If you are a stay-at-home type, you can pursue a lot of hobbies that are typically home occupations. Some of them are only for women – I have never seen a man knitting, crocheting or sewing e.g. neither have I seen a woman hammering – others are for men, for instance do-it-yourself. Most of these hobbies, however, are unisex, that is, they suit both sexes. They are: collecting stamps, napkins, coins or even buttons; making soft toys, gifts; drawing, painting or writing poetry, modelling, mounting and developing photos, playing card games, chess or other party games or keeping pets. As far as I know keeping pets has always been an English hobby. If they can’t afford to keep a pet, they go bird-watching and this brings them a lot of enjoyment. Gardening is another common British hobby as well as taking photos, printing and enlarging them. The most popular outdoor games are football, golf and cricket.

Hobbies indoor: painting, drawing, collecting, reading, playing card games, board games, chess, keeping pets, do-it yourself, sewing, knitting, cooking, learning languages, listening to records, doing embroidery, crossword puzzles

Hobbies outdoor: fishing, angling, gardening, pot-holing, mountain climbing, hiking, doing sports, hunting

  • If you live in a big town you are a lucky chap from the point of view of entertainment possibilities. You have a rich choice of museums, exhibitions where you can see paintings, graphics, water-colours and sculptures. If you want to dine out or listen to folk or gypsy music there are several restaurants, pubs, night clubs which you can choose from.

Theatre

I’m not much of a theatre goer. In fact neither my time nor my money allows me to go to the theatre regularly. And, to tell you the truth, I am not really interested in it. I prefer watching TV or video films at home, or perhaps going to the cinema. If you stay at home, you don’t have to dress up, and this is a great advantage. Anyway, the play I saw last was a great one. I wasn’t disappointed, because it was a splendid adaptation of two famous lady’s life called Marlene Dietrich and Edit Piaf. The plot of the play was really gripping and rich in surprising returns. It held the attention of the audience from the beginning to the end.

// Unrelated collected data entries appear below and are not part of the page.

(** Complex numbers are modelled as [R * R] (product topology). *)
Definition cmul (R : realType) (a b : R * R) : R * R :=
  (a.1 * b.1 - a.2 * b.2, a.1 * b.2 + a.2 * b.1).
Definition cconj (R : realType) (a : R * R) : R * R := (a.1, - a.2).
Definition csub (R : realType) (a b : R * R) : R * R := (a.1 - b.1, a.2 - b.2).
Definition cabs2 (R : realType) (a : R * R) : R := a.1 ^+ 2 + a.2 ^+ 2.
Definition czero (R : realType) : R * R := (0, 0).
Definition circle (R : realType) : set (R * R) := [set z | cabs2 z = 1].

(** Groupoid operations (composition is total, only meaningful on composable pairs). *)
Record groupoid (G : Type) := Groupoid {
  src : G -> G; rng : G -> G; mul : G -> G -> G; inv : G -> G }.

Definition units (G : Type) (g : groupoid G) : set G := range (src g).

Definition is_groupoid (G : Type) (g : groupoid G) : Prop :=
  [/\ (forall x, src g (src g x) = src g x /\ rng g (src g x) = src g x
                 /\ src g (rng g x) = rng g x /\ rng g (rng g x) = rng g x),
      (forall x y, src g x = rng g y ->
          src g (mul g x y) = src g y /\ rng g (mul g x y) = rng g x),
      (forall x y z, src g x = rng g y -> src g y = rng g z ->
          mul g (mul g x y) z = mul g x (mul g y z)),
      (forall x, mul g (rng g x) x = x /\ mul g x (src g x) = x) &
      (forall x, src g (inv g x) = rng g x /\ rng g (inv g x) = src g x /\
          mul g x (inv g x) = rng g x /\ mul g (inv g x) x = src g x)].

I can buy a theatre tickets at the booking-office. I like to sit in the boxes because they are quite near the stage and they are by far the most comfortable. I normally sit in the stalls, which are the seats on the ground floor. Over the boxes is the dress circle then follow the balconies and finally the gallery. As you enter the theatre there is usually a big foyer, where people can meet before the performance. The two main parts of a theatre are the stage and the auditorium. The hall is usually separated from the stage by the orchestra pit. A curtain, when lowered, covers the stage and during the performance footlights illuminate the stage. In a big theatre there are several cloakrooms where you can leave your hats and coats. Then you show your ticket to the usherette, who will offer you a programme and lead you down the aisle to your row and seat. While the beginning of the play, you can leaf the programme booklet from which you learn about the cast, the director, about the approximate plot of the play and perhaps the programme of the theatre for that season. Right before the performance the orchestra begins tuning up. Then the lights go out, the curtain rises and the play begins. A play usually consists of at least two acts, but sometimes there are three acts with two intervals in between them. During the interval you can go to the refreshment room where you can discuss the play over a nice drink. After then the bell rings for the next act. In the end of the play the curtain fall and the lights go up. The audiences usually applaud the company. Curtain call follows curtain call and the whole cast is given a standing ovation.

Concert

I quite like pop music although I wouldn’t call myself a fan. I gladly like listening to any music. At the beginning of this year we went to a 2-day concert was given by some well-known Scandinavian bands, in the Netherlands. Lots of guitar artists appeared there who celebrated the 48th guitar festival at Tilburg. There were some very young, ambitious bands who were very talented musicians with a fine technique. For example there was a little nine-year-old drummer. Everybody was very surprised at his ability. Anyway, the instrumental music lovers were really delighted including me, too. Their CD covers, labels were signed by the famous guitarists after the show.

Cinema

The usual cinema show consists of a feature film begun by a newsreel, lots of commercials and of course short films like trailers from the future films. The main film is usually cinemascope and dubbed. However, an undubbed film is very good for language learning. And if you master the given language you can even enjoy the films without looking at the subtitles. Low attendance at cinemas is due to several factors. On one hand the price of cinema tickets has been raised and it is not a cheap evening any more to go out to see a film; mostly if you would like to have a popcorn or a refreshment. On the other hand the cinema owners seem to forget that most families have video or DVD players at home and you can borrow all films from the videotheque.  There are some different films like these: western, adventure film, thriller, horror film, science-fiction fantasy, detective film, comedy, screen adaptation of a successful novel entitled e.g. Harry Potter.

TV, radio

  • I usually switch on the TV in the evenings and read on the teletext channel the TV programmes for the day. There is usually quite a rich choice of programmes. To tell you the truth I like watching TV because it brings the world into your home and keeps you informed about what is happening around you. I especially enjoy Hungarian soap-operas and some programmes that show you famous people over the world. I never miss the half-past-seven o’clock news either. I also love witty and humorous cartoons like “Tom and Jerry” or “the Roadrunner”.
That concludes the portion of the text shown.